Мой микрофон не работал. Мы начали, как и планировали, заиграв песню «Ни один парень» сразу, как зажглись прожекторы. Звук был мощным и насыщенным, микс идеальным, но… микрофон, который я подвесил над фортепиано, оказался не подключен. И когда мы с ребятами эхом вторили Эстер в припеве, меня никто в зале не слышал. К счастью, никто не услышал и моей брани, посулившей лютую смерть каждому члену звуковой команды, и особенно тому козлу-режиссеру, который назвал нас «Бенни и Ламенты». В моем возбужденном воображении он уже горько плакал.

Когда пришедшие на концерт люди сообразили, что на сцене не «Дрифтере», по залу пробежал ворчливый ропот. И свой гнев на милость публика сменила не сразу, невзирая на зажигательный ритм мелодии и мощь Эстер. Когда мы переходили ко второму номеру нашей программы, я услышал, как несколько человек в зале потребовали Бена Кинга. Но большинство зрителей слушали нас внимательно и даже захлопали после первой песни.

– Что-то вы сегодня слишком молчаливы, Бенни Ламент, – напела Эстер.

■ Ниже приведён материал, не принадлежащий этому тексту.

(* Let $m\ge2$, let $\eta$ be a primitive $m$-th root of unity, and let $F(x,y)=(x+y)^m$. Suppose $G(x,y)$ is a real polynomial such that $G(\eta x,\eta y)=G(x,y)$, $G=1$ on the line $x+y=1$, $G$ has only non-negative coefficients, $G(0,0)=0$, and $G$ has degree $Km$ for a positive integer $K$. Then there are real homogeneous polynomials $H_{jm}$ of degree $jm$ (or zero), $1\le j\le K-1$, such that $$G=(F-H_m)+(FH_m-H_{2m})+\dots+(FH_{(K-2)m}-H_{(K-1)m})+FH_{(K-1)m}$$ (for $K=1$ this reads $G=F$). If the $H_{jm}$ have non-negative coefficients, then $N(G)\ge Km+1$.
   Context: $N(q)$ denotes the number of distinct monomials with nonzero coefficient in the polynomial $q$. *)

From HB Require Import structures.
From mathcomp Require Import all_boot all_order all_algebra.
From mathcomp Require Import mpoly.
From mathcomp Require Import complex.
Set Implicit Arguments. Unset Strict Implicit. Unset Printing Implicit Defensive.
Import Order.TTheory GRing.Theory Num.Theory.
Local Open Scope ring_scope.

Definition Fpoly (R : ringType) (m : nat) : {mpoly R[2]} :=
  ('X_0 + 'X_1) ^+ m.

Definition Nmon (R : ringType) (q : {mpoly R[2]}) : nat := size (msupp q).

Definition nonneg_coefs (R : numDomainType) (q : {mpoly R[2]}) : Prop :=
  forall mo : 'X_{1..2}, 0 <= q@_mo.

(* H extended by H_0 = 1 and H_{Km} = 0; index j stands for H_{jm} *)
Definition Hext (R : ringType) (K : nat) (H : nat -> {mpoly R[2]}) (j : nat)
  : {mpoly R[2]} :=
  if j == 0%N then 1 else if j == K then 0 else H j.

(* (F - H_m) + (F H_m - H_2m) + ... + (F H_{(K-2)m} - H_{(K-1)m}) + F H_{(K-1)m} *)
Definition telescope (R : ringType) (m K : nat) (H : nat -> {mpoly R[2]})
  : {mpoly R[2]} :=
  \sum_(1 <= j < K.+1) (Fpoly R m * Hext K H j.-1 - Hext K H j).

Definition cplx (R : rcfType) (q : {mpoly R[2]}) : {mpoly R[i][2]} :=
  map_mpoly (real_complex R) q.

Definition pt (T : Type) (x y : T) : 'I_2 -> T := tnth [tuple x; y].

(* Invariance under (x, y) |-> (eta x, eta y) kills every homogeneous component
   G_d of G with m not dividing d, and G(0,0) = 0 kills G_0, so
   G = G_m + ... + G_{Km}.  Put H_0 = 1 and H_{jm} = F H_{(j-1)m} - G_{jm}: these
   are homogeneous, and on the line x + y = 1, where F = G = 1, H_{Km} vanishes,
   hence H_{Km} = 0 by homogeneity, which is the telescoping identity.

   Conversely any such decomposition has G_{jm} = F H_{(j-1)m} - H_{jm}.  With
   nonnegative coefficients no H_{jm} with j < K vanishes, multiplying a nonzero
   nonnegative polynomial by x + y creates at least one new monomial, so
   N(F H_{(j-1)m}) >= N(H_{(j-1)m}) + m, while N(A - B) >= N(A) - N(B).
   Summing over j telescopes to N(G) >= sum_j N(G_{jm}) >= N(H_0) + Km = Km + 1. *)

From HB Require Import structures.
From mathcomp Require Import all_boot all_order all_algebra.
From mathcomp Require Import mpoly.
From mathcomp Require Import complex.
From mathcomp Require Import ring zify.
Set Implicit Arguments. Unset Strict Implicit. Unset Printing Implicit Defensive.
Import Order.TTheory GRing.Theory Num.Theory.
Local Open Scope ring_scope.

Local Notation i0 := (ord0 : 'I_2).
Local Notation i1 := (lift ord0 ord0 : 'I_2).

Lemma mdeg2 (mo : 'X_{1..2}) : mdeg mo = (mo i0 + mo i1)%N.
Proof. by rewrite mdegE !big_ord_recl big_ord0 addn0. Qed.

Lemma mnm2_eq (a b : 'X_{1..2}) : mdeg a = mdeg b -> a i1 = b i1 -> a = b.
Proof.
rewrite !mdeg2 => deq eq1; apply/mnmP => -[[|[|//]] lti].
- by rewrite (_ : Ordinal lti = i0); [lia | apply: val_inj].
- by rewrite (_ : Ordinal lti = i1); last apply: val_inj.
Qed.

Lemma mcoeff_pihomog n (R : nzRingType) d (P : {mpoly R[n]}) mo :
  (pihomog mdeg d P)@_mo = if mdeg mo == d then P@_mo else 0.
Proof.
pose k := maxn (msize P) (mdeg mo).+1.
rewrite (pihomogwE _ _ (leq_maxl (msize P) (mdeg mo).+1)) big_mkcond /=.
rewrite (eq_bigr (fun m : 'X_{1..n < k} =>
           (if mdeg m == d then P@_m else 0) *: 'X_[m])); last first.
  by move=> m _; case: ifP; rewrite ?scale0r.
by rewrite (mcoeff_mpoly (fun m => if mdeg m == d then P@_m else 0)) ?leq_maxr.
Qed.

Lemma meval_pt (R : comNzRingType) (P : {mpoly R[2]}) (x y : R) :
  P.@[pt x y] = \sum_(mo <- msupp P) P@_mo * (x ^+ mo i0 * y ^+ mo i1).
Proof.
by rewrite mevalE; apply: eq_bigr => mo _; rewrite !big_ord_recl big_ord0 mulr1.
Qed.

Lemma meval_pt_dhomog (R : comNzRingType) d (P : {mpoly R[2]}) (s x y : R) :
  P \is d.-homog -> P.@[pt (s * x) (s * y)] = s ^+ d * P.@[pt x y].
Proof.
move=> /dhomog_mf hP; rewrite !meval_pt mulr_sumr !big_seq.
apply: eq_bigr => mo /hP mo_deg.
have <- : (mo i0 + mo i1)%N = d by rewrite -mdeg2.
rewrite exprD !exprMn; ring.
Qed.

Lemma meval_pt_scale (R : comNzRingType) N (P : {mpoly R[2]}) (s x y : R) :
  (msize P <= N)%N ->
  P.@[pt (s * x) (s * y)] = \sum_(d < N) s ^+ d * (pihomog mdeg d P).@[pt x y].
Proof.
move=> hN; rewrite {1}(pihomog_partitionE hN) raddf_sum.
by apply: eq_bigr => d _; apply: meval_pt_dhomog; apply: pihomogP.
Qed.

Похоже, она сильно нервничала, но отлично скрывала это. Я пожал плечами, развел руки в стороны, призывая публику подыграть, постучал по микрофону и снова пожал плечами.

– Бенни нравится мной командовать, – надула щечки Эстер.

Я погрозил ей пальцем, и публика, выражая сочувствие девушке, разразилась неодобрительными возгласами в мой адрес.

– Не работает микрофон? Похоже, я сегодня за главную, – хохотнула Эстер тем самым сиплым, раскатистым смехом, от которого пальцы на моих ногах поджимались, а сердце екало. То же действие он произвел и на публику.

– Он утверждает, что у меня большой рот. Вы в это верите? «Крошка с большим выдающимся ртом», – так он говорит. Уж я ему покажу!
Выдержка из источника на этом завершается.